L'enfant regarda de nouveau par la fenêtre et reprit en réfléchissant:—Tu as raison... c'est moins élevé que cela ne me l'avait paru d'abord; mais cette corde, Septimine, comment me la procurer? et puis lorsque je serais en bas... pendant la nuit? que ferais-je?

—Au bas de cette fenêtre vous trouveriez mon père, il vous jetterait sur les épaules la mante à capuchon que je porte habituellement; je ne suis guère plus grande que vous; en croisant bien la mante et rabaissant le capuchon sur votre visage, mon père pourrait, la nuit aidant, vous faire passer pour moi, traverser l'intérieur du couvent, regagner sa loge au dehors; là des amis de votre père vous attendraient avec des chevaux; vous partiriez vite, vous auriez toute la nuit devant vous, et le matin quand on s'apercevrait de votre fuite, il serait trop tard pour courir après vous... Maintenant, répondez, aurez-vous le courage de descendre par cette fenêtre pour regagner votre liberté?

—O Septimine! j'en ai fort envie, mais...

—Mais vous avez peur... Fi! un grand garçon comme vous!

—Et cette corde qui me la donnerait?

—Moi... Répondez: êtes-vous décidé? Il faut-vous hâter, les amis de votre père sont dans les environs... ils viendront durant cette nuit et celle de demain attendre avec les chevaux, non loin des murs du couvent...

—Septimine, j'aurai le courage de descendre...

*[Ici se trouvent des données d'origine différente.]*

Lemma Tadj_grid_step p h c : (h < 3)%N -> Thue p != h -> Tcol p != c ->
  let q := p + grid_step (Thue p) h (Tcol p) c in
  [/\ Tadj p q, Thue q = h & Tcol q = c].
Proof.
move=> h_lt hue_ne col_ne.
have [d_unit d_hue d_col] := grid_step_spec (Thue_lt p) h_lt hue_ne col_ne.
by rewrite /= Tadj_addr Thue_addr Tcol_addr.
Qed.

Lemma Tadj_grid_stepE p q : Tadj p q -> q = p + grid_step (Thue p) (Thue q) (Tcol p) (Tcol q).
Proof.
rewrite Tadj_unit_steps; move: (q - p) (subrKC p q) => d <- d_unit.
by rewrite Thue_addr Tcol_addr grid_step_unit ?Thue_lt.
Qed.

(* Sends a vertex of hue 1 (resp. 2) to the hexagon vertex of hue 1 (resp. 2) around
   the origin that lies in the same angular sector. *)
Definition hex_sector p : int * int :=
  let: (a, b) := p in
  if ((a + b) %% 3 == 1)%Z then
    if (a <= 0) && (b <= 0) then (-1, -1) else if a <= b then (0, 1) else (1, 0)
  else
    if (0 <= a) && (0 <= b) then (1, 1) else if a <= b then (-1, 0) else (0, -1).

Lemma hex_sector_unit p : hex_sector p \in unit_steps.
Proof. by case: p => a b /=; repeat case: ifP. Qed.

Lemma hex_sector_id d : d \in unit_steps -> hex_sector d = d.
Proof. by move=> d_unit; apply/eqP; move: d d_unit; apply/allP. Qed.

Lemma hex_sector_Tadj p q : Tadj p q -> Thue p != 0%N -> Thue q != 0%N ->
  Tadj (hex_sector p) (hex_sector q).
Proof.
wlog p1 : p q / Thue p = 1%N.
  move=> wlog pq p0 q0; have [pq_hue _] := Tadj_label_neq pq.
  have [/wlog|p_ne1] := eqVneq (Thue p) 1%N; first exact.
  rewrite Tadj_sym; apply: wlog => //; last by rewrite Tadj_sym.
  by move: p0 q0 p_ne1 pq_hue (Thue_lt p) (Thue_lt q); lia.
move=> pq _ q0; have q2 : Thue q = 2%N.
  by have [+ _] := Tadj_label_neq pq; move: q0 (Thue_lt q); rewrite p1; lia.
move: pq p1 q2; rewrite Tadj_unit_steps; move: (q - p) (subrKC p q) => d <-.
case: p d => a b [x y]; rewrite /Thue /= => d_unit p1 q2.
have -> : ((a + b) %% 3 == 1)%Z by apply/eqP; lia.
have -> : ((a + x + (b + y)) %% 3 == 1)%Z = false by apply/eqP; lia.
move: d_unit; rewrite Tadj_unit_steps !inE !xpair_eqE /=.
by repeat case: ifP; move=> *; try done; exfalso; lia.
Qed.

Definition hex_retract z p := z + hex_sector (p - z).

Lemma hex_retract_Tadj_center z p : Tadj z (hex_retract z p).
Proof. by rewrite Tadj_addr hex_sector_unit. Qed.

Lemma hex_retract_id z p : Tadj z p -> hex_retract z p = p.
Proof. by rewrite Tadj_unit_steps /hex_retract => /hex_sector_id ->; rewrite subrKC. Qed.

Lemma hex_retract_Tadj z p q : Tadj p q -> Thue p != Thue z -> Thue q != Thue z ->
  Tadj (hex_retract z p) (hex_retract z q).
Proof.
have hue_ne r : Thue r != Thue z -> Thue (r - z) != 0%N.
  move: (r - z) (subrKC z r) => d <-; rewrite Thue_addr.
  by move: (Thue_lt z) (Thue_lt d); lia.
move=> pq /hue_ne p0 /hue_ne q0; rewrite Tadj_addl hex_sector_Tadj //.
by rewrite -(Tadj_addl z) !subrKC.
Qed.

—Un dernier mot, Chilpérik,—dit la jeune fille d'une voix triste et émue:—Ma mère, mon père et moi nous nous exposons à des peines terribles, à la mort peut-être... en favorisant votre fuite! nous n'avons d'autre intérêt à cela que la pitié que vous nous faites... lorsque l'on a proposé à mon père d'aider à votre évasion, on lui a offert de l'argent; il a refusé, disant: «—Je ne veux d'autre récompense que la satisfaction de contribuer à la délivrance de ce pauvre petit, qui est toujours triste ou pleurant depuis dix-huit mois, et qui périrait ici de chagrin.»

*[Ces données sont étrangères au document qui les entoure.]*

Lemma phi_ge0_sigma (d_gt0 : (0 < d)%N) (W : {ffun 'I_l -> 'I_d} -> 'cV[R]_n) v :
  (forall x, exists y, pi y = x) -> (forall jv, is_phi pi jv (W jv)) ->
  (forall jv, 0 <= evalf (W jv) v) -> sigma_dual pi v.
Proof.
move=> pi_surj phi_W; have [x <-] := pi_surj v => W_ge0.
pose jmin := [ffun i => Order.arg_min (Ordinal d_gt0) predT (x i)].
have x_min i j : x i (jmin i) <= x i j.
  by rewrite ffunE; case: arg_minP => // k _; apply.
pose s := \sum_i x i (jmin i).
have s_ge0 : 0 <= s by rewrite /s -(phi_pi x (phi_W jmin)); apply: W_ge0.
pose c i := x i (jmin i) - s / l%:R.
have c_sum0 : \sum_i c i = 0.
  rewrite sumrB sumr_const card_ord -/s -[_ *+ l]mulr_natr divfK ?subrr //.
  by rewrite pnatr_eq0 -lt0n.
pose y := x - \sum_i c i *: eps R d i.
exists (fun p => y p.1 p.2); split=> [[i j] | ].
  rewrite /= !mxE sum_eps_entry subr_ge0 lerBlDr.
  by rewrite ler_wpDr ?x_min // divr_ge0 ?ler0n.
transitivity (pi y); first by rewrite linearB pi_sum_eps ?subr0.
by rewrite pi_gen_sum.
Qed.

Lemma facet_tau F :
  is_facet (sigma_dual pi) F -> exists jv, forall v, F v <-> tau pi jv v.
Proof.
move=> [[w [w_ge0 def_F]] [k [dim_sigma dim_F]]].
pose a p := evalf w (gen p).
have a_ge0 p : predT p -> 0 <= a p by move=> _; apply/w_ge0/cone_gen_gen.
pose Z : pred ('I_l * 'I_d) := fun p => predT p && (a p == 0).
have F_cone v : F v <-> cone_gen Z gen v.
  exact: iff_trans (def_F v) (cone_gen_face v a_ge0).
have row_sum i : \sum_j a (i, j) = evalf w (pi (eps R d i0)).
  by rewrite -(pi_eps i) /eps linear_sum evalf_sum.
have [w_eps0 | w_eps_neq0] := eqVneq (evalf w (pi (eps R d i0))) 0.
  have Z_all p : Z p.
    case: p => i j; rewrite /Z /=; move: (row_sum i); rewrite w_eps0.
    by move/(psumr_eq0P (fun j _ => a_ge0 (i, j) isT)) => ->.
  have : dim_span (sigma_dual pi) k.
    by apply: dim_span_ext dim_F => v; apply: iff_trans (F_cone v) (cone_gen_ext _ _ _).
  by move/(dim_span_unique dim_sigma)/esym/n_Sn.
have [jv a_jv] : exists jv : {ffun 'I_l -> 'I_d}, forall i, a (i, jv i) != 0.
  have row_nz i : exists j, a (i, j) != 0.
    apply/existsP; apply: contraNT w_eps_neq0 => /existsPn all0.
    by rewrite -(row_sum i) big1 // => j _; apply/eqP/negbNE/all0.
  by exists [ffun i => xchoose (row_nz i)] => i; rewrite ffunE; exact: (xchooseP (row_nz i)).
have Z_off : Z \subset off_graph jv.
  apply/subsetP => -[i j]; rewrite !inE /Z /off_graph /= => /eqP aij0.
  by apply: contraNneq (a_jv i) => <-; apply/eqP.
have card_off : #|off_graph jv| = k.
  by apply: succn_inj; apply: dim_span_unique (dim_sigma_dual jv) dim_sigma.
have eq_Z := dim_span_cone_subset_eq (dim_span_ext F_cone dim_F) Z_off card_off.
exists jv => v; apply: iff_trans (F_cone v) (cone_gen_ext _ _ _) => p.
by move: (eq_Z p); rewrite !inE.
Qed.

—Oh! sois tranquille; quand je serai roi comme mon père, je te ferai de beaux présents.

—Je n'ai pas besoin de vos présents; vous êtes un enfant très à plaindre; voilà ce qui nous touche, et comme disait mon père, qui sait bien des choses, quoique esclave: «—Ce n'est pas parce que ce pauvre petit est fils de roi qu'il m'intéresse, car, après tout, il est de la race de ces Franks qui nous tiennent en esclavage, nous autres Gaulois, depuis Clovis; non, je veux tâcher de le sauver parce qu'il me fait peine à voir...»—Songez-y, Chilpérik, la moindre indiscrétion de votre part attirerait sur nous de terribles malheurs.